Exactly the lines from the start of the data through the line containing "sset : st -> Prop;" should be output, with both ends kept and nothing added.

** Opening DATA FOR THE TASK block **

(* zeta|_[a,b] for a string zeta = zeta(0)...zeta(n-1) (lambda if b < a);
   only used with 0 <= a and b < length zeta when b >= a *)
Definition restrL {A : Type} (s : list A) (a b : Z) : list A :=
  if b <? a then [] else firstn (Z.to_nat (b - a + 1)) (skipn (Z.to_nat a) s).

(* External signal space: b = true means W = U x Y, b = false means W = Y. *)
Definition Wt (U Y : Type) (b : bool) : Type := if b then (U * Y)%type else Y.

Definition piW (U Y : Type) (b : bool) : U -> Y -> Wt U Y b :=
  match b return U -> Y -> Wt U Y b with
  | true => fun u y => (u, y)
  | false => fun u y => y
  end.

Definition W_finite (U Y : Type) (b : bool) : Prop :=
  exists l : list (Wt U Y b), forall w, In w l.

(* A state machine (X, U, Y, delta, X0); sset is the state set X as a subset
   of the carrier type st. *)
Record SM (U Y : Type) := mkSM {
  st : Type;
  sset : st -> Prop;
  trans : st -> U -> Y -> st -> Prop;
  init : st -> Prop }.
Arguments st {U Y}.
Arguments sset {U Y}.
Arguments trans {U Y}.
Arguments init {U Y}.

Section Defs.
Variables (X U Y : Type) (delta : X -> U -> Y -> X -> Prop) (X0 : X -> Prop).

Definition Hdelta (x : X) (y : Y) : Prop := exists u x', delta x u y x'.
Definition Fdelta (x : X) (u : U) (x' : X) : Prop :=
  exists y, Hdelta x y /\ delta x u y x'.
Definition Tdelta (x x' : X) : Prop := exists u, Fdelta x u x'.

Definition full_beh (mu : nat -> U) (nu : nat -> Y) (xi : nat -> X) : Prop :=
  X0 (xi 0%nat) /\ forall k, delta (xi k) (mu k) (nu k) (xi (S k)).

Definition live_reachable : Prop :=
  (forall x, X0 x -> exists mu nu xi, full_beh mu nu xi /\ xi 0%nat = x) /\
  (forall x, exists mu nu xi k, full_beh mu nu xi /\ xi k = x).

Variable b : bool.

Definition Beh (w : Z -> option (Wt U Y b)) : Prop :=
  exists mu nu xi, full_beh mu nu xi /\
    forall k : Z, (k < 0 -> w k = None) /\
                  (0 <= k -> w k = Some (piW b (mu (Z.to_nat k)) (nu (Z.to_nat k)))).

Definition BS (w : Z -> option (Wt U Y b)) (xs : Z -> option X) : Prop :=
  exists mu nu xi, full_beh mu nu xi /\
    forall k : Z, (k < 0 -> w k = None /\ xs k = None) /\
                  (0 <= k -> w k = Some (piW b (mu (Z.to_nat k)) (nu (Z.to_nat k)))
                             /\ xs k = Some (xi (Z.to_nat k))).

Definition Pi (l : nat) (B : (Z -> option (Wt U Y b)) -> Prop)
  (zeta : list (option (Wt U Y b))) : Prop :=
  exists w (k : nat), B w /\ zeta = restrZ w (Z.of_nat k - Z.of_nat l + 1) (Z.of_nat k).

Definition E (a b' : Z) (x : X) (zeta : list (option (Wt U Y b))) : Prop :=
  exists w xs (k : nat), BS w xs /\ xs (Z.of_nat k) = Some x /\
    zeta = restrZ w (Z.of_nat k + a) (Z.of_nat k + b').

Definition Ilo (l m : nat) : Z := Z.of_nat m - Z.of_nat l.
Definition Ihi (m : nat) : Z := Z.of_nat m - 1.

Definition future_unique (l m : nat) : Prop :=
  forall x zeta zeta', E (Ilo l m) (Ihi m) x zeta -> E (Ilo l m) (Ihi m) x zeta' ->
    restrL zeta (Z.of_nat l - Z.of_nat m) (Z.of_nat l - 1)
    = restrL zeta' (Z.of_nat l - Z.of_nat m) (Z.of_nat l - 1).

Definition async_complete (l m : nat) : Prop :=
  forall x zeta, Pi (S l) Beh zeta ->
    E (Ilo l m) (Ihi m) x (restrL zeta 0 (Z.of_nat l - 1)) ->
    E (Ilo l m) (Z.of_nat m) x zeta.

Definition Xhat (l m : nat) (s : list (option (Wt U Y b))) : Prop :=
  exists x, E (Ilo l m) (Ihi m) x s.
Definition X0hat (l m : nat) (s : list (option (Wt U Y b))) : Prop :=
  exists x, X0 x /\ E (Ilo l m) (Ihi m) x s.
Definition deltahat (l m : nat) (s : list (option (Wt U Y b))) (u : U) (y : Y)
  (s' : list (option (Wt U Y b))) : Prop :=
  let L := Z.of_nat l in let M := Z.of_nat m in
  restrL s' 0 (L - M - 1) = restrL (restrL s 0 (L - M - 1) ++ [Some (piW b u y)]) 1 (L - M) /\
  restrL s (L - M) (L - 1) = restrL (Some (piW b u y) :: restrL s' (L - M) (L - 2)) 0 (M - 1) /\
  exists x x', E (Ilo l m) (Ihi m) x s /\ E (Ilo l m) (Ihi m) x' s' /\ delta x u y x'.

Definition Qhat (l m : nat) : SM U Y :=
  @mkSM U Y (list (option (Wt U Y b))) (Xhat l m) (deltahat l m) (X0hat l m).

Definition Rel (l m : nat) (x : X) (s : list (option (Wt U Y b))) : Prop :=
  E (Ilo l m) (Ihi m) x s.

End Defs.

Definition Qm (X U Y : Type) (delta : X -> U -> Y -> X -> Prop) (X0 : X -> Prop) : SM U Y :=
  @mkSM U Y X (fun _ => True) delta X0.

(* Simulation relation from M1 to M2 w.r.t. V (V = U x Y if v = true, V = Y otherwise) *)
Definition sim_rel (U Y : Type) (v : bool) (M1 M2 : SM U Y)
  (R : st M1 -> st M2 -> Prop) : Prop :=
  (forall x1 x2, R x1 x2 -> sset M1 x1 /\ sset M2 x2) /\
  (forall x1, init M1 x1 -> exists x2, init M2 x2 /\ R x1 x2) /\
  (forall x1 x2 u1 y1 x1', R x1 x2 -> trans M1 x1 u1 y1 x1' ->
     exists u2 y2 x2', trans M2 x2 u2 y2 x2' /\ R x1' x2' /\
                       piW v u1 y1 = piW v u2 y2).

(* An abstract state in [E^{I^l_m}(x)] is a length-[l] window of the external signal of a run
   that is in state [x] at position [l - m] of the window. Conditions (1) and (2) of an abstract
   transition [s -(u,y)-> s'] say precisely that [s] and [s'] are the two length-[l] subwindows of
   one length-[l+1] window carrying [(u,y)] at position [l - m]; so splicing a run through [s]
   with a run through [s'] at the transition gives a single run whose consecutive windows are
   [s] and [s'].
   (i) A concrete transition out of [x] can be matched from every [s] in [E(x)] exactly when
   the last [m] symbols of [s], those from [x] on, are determined by [x]: matching a transition of one run from the
   window of another run through [x] reveals one more future symbol.
   (ii) An abstract transition out of [s] in [E(x)] can be matched from [x] exactly when the
   length-[l+1] window glued from [s] and [s'] is realised by a run through [x]. *)

From Stdlib Require Import ZArith List Lia.
Import ListNotations.
Open Scope Z_scope.
Set Implicit Arguments.

Section Windows.
Variable A : Type.

Definition window (w : Z -> A) (p a c : Z) : list A := restrZ w (p + a) (p + c).

Lemma length_restrZ (w : Z -> A) a c : length (restrZ w a c) = Z.to_nat (c - a + 1).
Proof. unfold restrZ. now rewrite length_map, length_seq. Qed.

Lemma nth_restrZ (w : Z -> A) a c i d :
  (i < Z.to_nat (c - a + 1))%nat -> nth i (restrZ w a c) d = w (a + Z.of_nat i).
Proof.
  intros Hi. unfold restrZ.
  rewrite (nth_indep _ d (w (a + Z.of_nat 0))) by (rewrite length_map, length_seq; lia).
  rewrite (map_nth (fun i => w (a + Z.of_nat i))), seq_nth by lia. reflexivity.
Qed.

Lemma window_eq_iff (w w' : Z -> A) p p' a c :
  window w p a c = window w' p' a c <-> forall t, a <= t <= c -> w (p + t) = w' (p' + t).
Proof.
  unfold window. split.
  - intros H t Ht.
    assert (Hn := f_equal (fun s => nth (Z.to_nat (t - a)) s (w p)) H). cbv beta in Hn.
    rewrite !nth_restrZ in Hn by lia. rewrite Z2Nat.id in Hn by lia.
    replace (p + t) with (p + a + (t - a)) by lia.
    replace (p' + t) with (p' + a + (t - a)) by lia. exact Hn.
  - intros H. apply nth_ext with (d := w p) (d' := w p).
    + rewrite !length_restrZ. f_equal. lia.
    + intros i Hi. rewrite length_restrZ in Hi. rewrite !nth_restrZ by lia.
      replace (p + a + Z.of_nat i) with (p + (a + Z.of_nat i)) by lia.
      replace (p' + a + Z.of_nat i) with (p' + (a + Z.of_nat i)) by lia.
      apply H. lia.
Qed.

Lemma window_reframe (w : Z -> A) p a c p' a' c' :
  p + a = p' + a' -> p + c = p' + c' -> window w p a c = window w p' a' c'.
Proof. unfold window. now intros -> ->. Qed.

Lemma window_empty (w : Z -> A) p a c : c < a -> window w p a c = [].
Proof.
  intros H. unfold window, restrZ. now replace (Z.to_nat (p + c - (p + a) + 1)) with 0%nat by lia.
Qed.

** Closing DATA FOR THE TASK block **

> EXERCISE RESPONSE
(* zeta|_[a,b] for a string zeta = zeta(0)...zeta(n-1) (lambda if b < a);
   only used with 0 <= a and b < length zeta when b >= a *)
Definition restrL {A : Type} (s : list A) (a b : Z) : list A :=
  if b <? a then [] else firstn (Z.to_nat (b - a + 1)) (skipn (Z.to_nat a) s).

(* External signal space: b = true means W = U x Y, b = false means W = Y. *)
Definition Wt (U Y : Type) (b : bool) : Type := if b then (U * Y)%type else Y.

Definition piW (U Y : Type) (b : bool) : U -> Y -> Wt U Y b :=
  match b return U -> Y -> Wt U Y b with
  | true => fun u y => (u, y)
  | false => fun u y => y
  end.

Definition W_finite (U Y : Type) (b : bool) : Prop :=
  exists l : list (Wt U Y b), forall w, In w l.

(* A state machine (X, U, Y, delta, X0); sset is the state set X as a subset
   of the carrier type st. *)
Record SM (U Y : Type) := mkSM {
  st : Type;
  sset : st -> Prop;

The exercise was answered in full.